(* Both parts come from one observation: let F be a transformation of ground
   trees that commutes with plugging into the hole, preserves well-formedness
   and the number of holes, and leaves untouched every node labelled by a
   letter of the equation.  Applying F to every value of a solution sigma gives
   a substitution sigma' with sigma'(t) = F (sigma(t)) for t = u, v, hence again
   a solution.  For (1), F renames every letter outside the equation to a fixed
   representative of its arity; for (2), F splices out every node labelled by
   a unary letter outside the equation, which cannot increase the size. *)

Definition gtree_nested_ind (S : Type) (P : gtree S -> Prop) (P_hole : P GHole)
  (P_node : forall f ts, (forall t, List.In t ts -> P t) -> P (GNode f ts)) :
  forall t, P t :=
  fix IH t := match t with
  | GHole => P_hole
  | GNode f ts => P_node f ts
     ((fix go (l : seq (gtree S)) : forall x, List.In x l -> P x :=
        match l with
        | [::] => fun x H => False_ind _ H
        | y :: l' => fun x H => match H with
                     | or_introl e => eq_ind y P (IH y) x e
                     | or_intror H' => go l' x H' end
        end) ts)
  end.

Definition term_nested_ind (S V C : Type) (P : term S V C -> Prop)
  (P_var : forall x, P (TVar _ _ x))
  (P_capp : forall X t, P t -> P (TCApp X t))
  (P_node : forall f ts, (forall t, List.In t ts -> P t) -> P (TNode f ts)) :
  forall t, P t :=
  fix IH t := match t with
  | TVar x => P_var x
  | TCApp X t' => P_capp X t' (IH t')
  | TNode f ts => P_node f ts
     ((fix go (l : seq (term S V C)) : forall x, List.In x l -> P x :=
        match l with
        | [::] => fun x H => False_ind _ H
        | y :: l' => fun x H => match H with
                     | or_introl e => eq_ind y P (IH y) x e
                     | or_intror H' => go l' x H' end
        end) ts)
  end.

Lemma leq_sumn_map (A : Type) (F G : A -> nat) (l : seq A) :
  (forall x, List.In x l -> F x <= G x) -> sumn (map F l) <= sumn (map G l).
Proof.
elim: l => //= a l IH le_FG.
by rewrite leq_add ?IH // => [|x lx]; apply: le_FG; [left | right].
Qed.

Section GroundTrees.
Variables (S : Type) (ar : S -> nat).

Lemma gwf_node f ts :
  gwf ar (GNode f ts) <-> size ts = ar f /\ forall t, List.In t ts -> gwf ar t.
Proof.
rewrite /=; split => -[-> wf_ts]; split => //; elim: ts wf_ts => //= t ts IH.
- by case=> wf_t wf_ts s [<- | sts] //; apply: IH.
- by move=> wf_ts; split; [apply: wf_ts; left | apply: IH => s sts; apply: wf_ts; right].
Qed.

Lemma gocc_node (a f : S) (ts : seq (gtree S)) :
  gocc a (GNode f ts) <-> f = a \/ exists2 t, List.In t ts & gocc a t.
Proof.
rewrite /=; split => -[-> | occ]; try by left.
- right; elim: ts occ => //= t ts IH [occ_t | /IH [s sts occ_s]].
    by exists t => //; left.
  by exists s => //; right.
- right; case: occ => t; elim: ts => //= s ts IH [-> occ | sts occ]; first by left.
  by right; apply: IH.
Qed.

Lemma rename_plug (h : S -> S) s t :
  rename h (plug s t) = plug (rename h s) (rename h t).
Proof.
elim/gtree_nested_ind: s => //= f ss IH; congr GNode.
by rewrite -!map_comp; apply: List.map_ext_in.
Qed.

Lemma holes_rename (h : S -> S) t : holes (rename h t) = holes t.
Proof.
elim/gtree_nested_ind: t => //= f ts IH.
by rewrite -map_comp; congr sumn; apply: List.map_ext_in.
Qed.

Lemma gwf_rename (h : S -> S) : (forall a, ar (h a) = ar a) ->
  forall t, gwf ar t -> gwf ar (rename h t).
Proof.
move=> ar_h; elim/gtree_nested_ind => //= f ts IH /gwf_node [size_ts wf_ts].
apply/gwf_node; rewrite size_map ar_h; split => // s /List.in_map_iff [t [<- tts]].
exact: IH tts (wf_ts t tts).
Qed.

Lemma rename_occ (h : S -> S) a t :
  gocc a (rename h t) -> exists2 b, gocc b t & h b = a.
Proof.
elim/gtree_nested_ind: t => //= f ts IH /gocc_node [<- | [s]].
  by exists f => //; apply/gocc_node; left.
move=> /List.in_map_iff [t [<- tts]] /(IH t tts) [b occ_b <-].
by exists b => //; apply/gocc_node; right; exists t.
Qed.

End GroundTrees.

Fixpoint erase (S : Type) (D : pred S) (t : gtree S) : gtree S :=
  match t with
  | GHole => GHole
  | GNode f ts =>
      if D f then
        if ts is [:: t'] then erase D t' else GNode f (map (erase D) ts)
      else GNode f (map (erase D) ts)
  end.

Section Erase.
Variables (S : Type) (ar : S -> nat) (D : pred S).

Lemma erase_node f ts : ~~ D f -> erase D (GNode f ts) = GNode f (map (erase D) ts).
Proof. by move=> /negbTE /= ->. Qed.

Lemma erase_plug s t : erase D (plug s t) = plug (erase D s) (erase D t).
Proof.
elim/gtree_nested_ind: s => //= f ss IH.
have erase_ss : map (erase D) (map (fun s => plug s t) ss)
              = map (fun s => plug s (erase D t)) (map (erase D) ss).
  by rewrite -!map_comp; apply: List.map_ext_in.
case: (D f) => /=; last by rewrite erase_ss.
case: ss IH erase_ss => [|s [|s' ss]] IH //= erase_ss; last by rewrite erase_ss.
by apply: IH; left.
Qed.

Lemma holes_erase t : holes (erase D t) = holes t.
Proof.
elim/gtree_nested_ind: t => //= f ts IH.
have holes_ts : sumn (map (@holes S) (map (erase D) ts)) = sumn (map (@holes S) ts).
  by rewrite -map_comp; congr sumn; apply: List.map_ext_in.
case: (D f) => //; case: ts IH holes_ts => [|t [|t' ts]] IH //= _.
by rewrite !addn0; apply: IH; left.
Qed.

Lemma gsize_erase t : gsize (erase D t) <= gsize t.
Proof.
elim/gtree_nested_ind: t => //= f ts IH.
have le_ts : sumn (map (@gsize S) (map (erase D) ts)) <= sumn (map (@gsize S) ts).
  by rewrite -map_comp; apply: leq_sumn_map.
case: (D f) => //; case: ts IH le_ts => [|t [|t' ts]] IH le_ts //=.
by rewrite addn0 ltnW // ltnS; apply: IH; left.
Qed.

Lemma gwf_erase t : gwf ar t -> gwf ar (erase D t).
Proof.
have wf_map f ts : size ts = ar f -> (forall t, List.In t ts -> gwf ar (erase D t)) ->
    gwf ar (GNode f (map (erase D) ts)).
  move=> size_ts wf_ts; apply/gwf_node; rewrite size_map; split => //.
  by move=> s /List.in_map_iff [r [<- rts]]; apply: wf_ts.
elim/gtree_nested_ind: t => //= f ts IH /gwf_node [size_ts wf_ts].
have {wf_ts}IH t : List.In t ts -> gwf ar (erase D t) by move=> tts; apply: IH (wf_ts t tts).
case: (D f); last exact: wf_map.
case: ts size_ts IH => [|t [|t' ts]] size_ts IH; try exact: wf_map.
by apply: IH; left.
Qed.

Hypothesis D_unary : forall a, D a -> ar a = 1.

Lemma erase_occ a t : gwf ar t -> gocc a (erase D t) -> ~~ D a.
Proof.
elim/gtree_nested_ind: t => //= f ts IH /gwf_node [size_ts wf_ts].
case Df: (D f).
  rewrite D_unary // in size_ts.
  case: ts size_ts IH wf_ts => [|t [|]] //= _ IH wf_t.
  by apply: IH; [left | apply: wf_t; left].
move=> /gocc_node [<- | [s /List.in_map_iff [t [<- tts]]]]; first by rewrite Df.
exact: IH tts (wf_ts t tts).
Qed.

End Erase.

Section MapSubst.
Variables (S V C : Type) (ar : S -> nat).

Lemma tocc_node (a f : S) (ts : seq (term S V C)) :
  tocc a (TNode f ts) <-> f = a \/ exists2 t, List.In t ts & tocc a t.
Proof.
rewrite /=; split => -[-> | occ]; try by left.
- right; elim: ts occ => //= t ts IH [occ_t | /IH [s sts occ_s]].
    by exists t => //; left.
  by exists s => //; right.
- right; case: occ => t; elim: ts => //= s ts IH [-> occ | sts occ]; first by left.
  by right; apply: IH.
Qed.

Definition map_subst (F : gtree S -> gtree S) (sg : subst S V C) : subst S V C :=
  Subst (fun x => F (sv sg x)) (fun X => F (sc sg X)).

Variable F : gtree S -> gtree S.
Hypothesis F_plug : forall s t, F (plug s t) = plug (F s) (F t).

Lemma apply_map_subst sg t :
  (forall f ts, tocc f t -> F (GNode f ts) = GNode f (map F ts)) ->
  apply_subst (map_subst F sg) t = F (apply_subst sg t).
Proof.
elim/term_nested_ind: t => //= [X t IH | f ts IH] F_node; first by rewrite IH // F_plug.
rewrite F_node; last by left.
congr GNode; rewrite -map_comp; apply: List.map_ext_in => t tts /=.
apply: IH => // g us occ_g; apply: F_node.
by apply/tocc_node; right; exists t.
Qed.

Hypotheses (F_wf : forall t, gwf ar t -> gwf ar (F t))
           (F_holes : forall t, holes (F t) = holes t).

Lemma valid_map_subst sg : valid_subst ar sg -> valid_subst ar (map_subst F sg).
Proof.
case=> sv_ground sc_ground; split=> [x | X].
- by case: (sv_ground x) => wf_x holes_x; split; [apply: F_wf | rewrite /= F_holes].
- by case: (sc_ground X) => wf_X holes_X; split; [apply: F_wf | rewrite /= F_holes].
Qed.

Variables u v : term S V C.
Hypothesis F_node : forall f ts, eq_letter u v f -> F (GNode f ts) = GNode f (map F ts).

Lemma solution_map_subst sg : is_solution ar u v sg -> is_solution ar u v (map_subst F sg).
Proof.
case=> valid_sg sg_uv; split; first exact: valid_map_subst.
rewrite !apply_map_subst ?sg_uv // => f ts occ_f; apply: F_node; [right | left]; done.
Qed.

Lemma used_map_subst sg a : valid_subst ar sg -> uses u v (map_subst F sg) a ->
  exists2 t, gwf ar t & gocc a (F t).
Proof.
case=> sv_ground sc_ground [[x [_ occ]] | [X [_ occ]]].
  by exists (sv sg x) => //; case: (sv_ground x).
by exists (sc sg X) => //; case: (sc_ground X).
Qed.

End MapSubst.

(* Letters of E are fixed; any other letter goes to a letter outside E of the
   same arity, and the choice depends only on that arity. *)
Definition canon_letter (S : Type) (ar : S -> nat) (E : S -> Prop) (a : S) : S :=
  if excluded_middle_informative (E a) then a
  else epsilon (inhabits a) (fun b => ar b = ar a /\ ~ E b).

Section CanonLetter.
Variables (S : Type) (ar : S -> nat) (E : S -> Prop).
Local Notation canon := (canon_letter ar E).

Lemma canon_letter_id a : E a -> canon a = a.
Proof. by rewrite /canon_letter; case: excluded_middle_informative. Qed.

Lemma ar_canon_letter a : ar (canon a) = ar a.
Proof.
rewrite /canon_letter; case: excluded_middle_informative => // nEa.
have ex_a : exists b, ar b = ar a /\ ~ E b by exists a.
by case: (epsilon_spec (inhabits a) _ ex_a).
Qed.

Lemma eq_canon_letter a b :
  ~ E (canon a) -> ~ E (canon b) -> ar (canon a) = ar (canon b) -> canon a = canon b.
Proof.
have canon_out c : ~ E (canon c) ->
    canon c = epsilon (inhabits c) (fun b => ar b = ar c /\ ~ E b).
  by rewrite /canon_letter; case: excluded_middle_informative.
have outside c : ~ E (canon c) -> ~ E c by move=> nEc Ec; rewrite canon_letter_id in nEc.
move=> nEa nEb; rewrite !ar_canon_letter => ar_ab.
rewrite (canon_out a) // (canon_out b) // ar_ab.
by apply: epsilon_inh_irrelevance; exists b; split => //; apply: outside.
Qed.

End CanonLetter.

Section SimplerSolutions.
Variables (S V C : Type) (ar : S -> nat) (u v : term S V C).

Lemma rename_solution (h : S -> S) sg :
  (forall a, ar (h a) = ar a) -> (forall a, eq_letter u v a -> h a = a) ->
  is_solution ar u v sg ->
  is_solution ar u v (map_subst (rename h) sg) /\
  simpler_equiv ar sg (map_subst (rename h) sg).
Proof.
move=> ar_h h_id sol_sg; split; last by exists h.
apply: solution_map_subst sol_sg.
- exact: rename_plug.
- exact: gwf_rename.
- exact: holes_rename.
- by move=> f ts /h_id /= ->.
Qed.

Lemma used_rename (h : S -> S) sg a : valid_subst ar sg ->
  uses u v (map_subst (rename h) sg) a -> exists b, h b = a.
Proof.
move=> valid_sg used_a; have [t _ occ_a] := used_map_subst valid_sg used_a.
by have [b _ <-] := rename_occ occ_a; exists b.
Qed.

Lemma erase_solution (D : pred S) sg :
  (forall a, D a -> ar a = 1) -> (forall a, eq_letter u v a -> ~~ D a) ->
  is_solution ar u v sg ->
  [/\ is_solution ar u v (map_subst (erase D) sg),
      forall a, uses u v (map_subst (erase D) sg) a -> ~~ D a &
      gsize (apply_subst (map_subst (erase D) sg) u) <= gsize (apply_subst sg u)].
Proof.
move=> D_unary D_out sol_sg.
have erase_eq_node f ts : eq_letter u v f ->
    erase D (GNode f ts) = GNode f (map (erase D) ts).
  by move/D_out; apply: erase_node.
split.
- apply: solution_map_subst sol_sg => //; [exact: erase_plug | exact: gwf_erase |].
  exact: holes_erase.
- move=> a used_a; have [t wf_t occ_a] := used_map_subst (proj1 sol_sg) used_a.
  exact: erase_occ D_unary _ _ wf_t occ_a.
- rewrite apply_map_subst; [exact: gsize_erase | exact: erase_plug |].
  by move=> f ts occ_f; apply: erase_eq_node; left.
Qed.

End SimplerSolutions.

Theorem lemma3p7 (S V C : Type) (ar : S -> nat) (k : nat)
  (hk : forall a : S, ar a <= k)
  (u v : term S V C) (hu : twf ar u) (hv : twf ar v) :
  (forall sg : subst S V C, is_solution ar u v sg ->
     exists sg' : subst S V C,
       is_solution ar u v sg' /\ simpler_equiv ar sg sg' /\
       (forall k', k' <= k -> forall a b : S,
          uses u v sg' a -> uses u v sg' b ->
          ~ eq_letter u v a -> ~ eq_letter u v b ->
          ar a = k' -> ar b = k' -> a = b)) /\
  (forall sg : subst S V C, is_solution ar u v sg ->
     exists sg' : subst S V C,
       is_solution ar u v sg' /\
       (forall a : S, ar a = 1 -> uses u v sg' a -> eq_letter u v a) /\
       gsize (apply_subst sg' u) <= gsize (apply_subst sg u)).
Proof.
split=> sg sol_sg.
- pose h := canon_letter ar (eq_letter u v).
  have [sol_h simpler_h] :=
    rename_solution (ar_canon_letter ar _) (@canon_letter_id _ ar _) sol_sg.
  exists (map_subst (rename h) sg); do 2 split=> //.
  move=> k' _ a b used_a used_b nEa nEb ar_a ar_b.
  have [c def_a] := used_rename (proj1 sol_sg) used_a.
  have [d def_b] := used_rename (proj1 sol_sg) used_b.
  rewrite -def_a -def_b in nEa nEb ar_a ar_b *.
  by apply: eq_canon_letter => //; rewrite ar_a ar_b.
- pose D a := if excluded_middle_informative (ar a = 1 /\ ~ eq_letter u v a)
              then true else false.
  have D_unary a : D a -> ar a = 1.
    by rewrite /D; case: excluded_middle_informative => // -[].
  have D_out a : eq_letter u v a -> ~~ D a.
    by rewrite /D; case: excluded_middle_informative => // -[].
  have [sol_D unused_D le_size] := erase_solution D_unary D_out sol_sg.
  exists (map_subst (erase D) sg); split=> //; split=> // a ar_a /unused_D.
  rewrite /D; case: excluded_middle_informative => // notD _.
  by apply: NNPP => nEa; apply: notD.
Qed.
---
> WHAT IS BEING ASKED: Within the listing above, locate the line containing "- by case: (sv_ground" and the line containing "Lemma canon_letter_id a : E a -> canon a = a.". Reproduce those two lines and all lines between them exactly, with nothing added.

> ANSWER SECTION:
- by case: (sv_ground x) => wf_x holes_x; split; [apply: F_wf | rewrite /= F_holes].
- by case: (sc_ground X) => wf_X holes_X; split; [apply: F_wf | rewrite /= F_holes].
Qed.

Variables u v : term S V C.
Hypothesis F_node : forall f ts, eq_letter u v f -> F (GNode f ts) = GNode f (map F ts).

Lemma solution_map_subst sg : is_solution ar u v sg -> is_solution ar u v (map_subst F sg).
Proof.
case=> valid_sg sg_uv; split; first exact: valid_map_subst.
rewrite !apply_map_subst ?sg_uv // => f ts occ_f; apply: F_node; [right | left]; done.
Qed.

Lemma used_map_subst sg a : valid_subst ar sg -> uses u v (map_subst F sg) a ->
  exists2 t, gwf ar t & gocc a (F t).
Proof.
case=> sv_ground sc_ground [[x [_ occ]] | [X [_ occ]]].
  by exists (sv sg x) => //; case: (sv_ground x).
by exists (sc sg X) => //; case: (sc_ground X).
Qed.

End MapSubst.

(* Letters of E are fixed; any other letter goes to a letter outside E of the
   same arity, and the choice depends only on that arity. *)
Definition canon_letter (S : Type) (ar : S -> nat) (E : S -> Prop) (a : S) : S :=
  if excluded_middle_informative (E a) then a
  else epsilon (inhabits a) (fun b => ar b = ar a /\ ~ E b).

Section CanonLetter.
Variables (S : Type) (ar : S -> nat) (E : S -> Prop).
Local Notation canon := (canon_letter ar E).

Lemma canon_letter_id a : E a -> canon a = a.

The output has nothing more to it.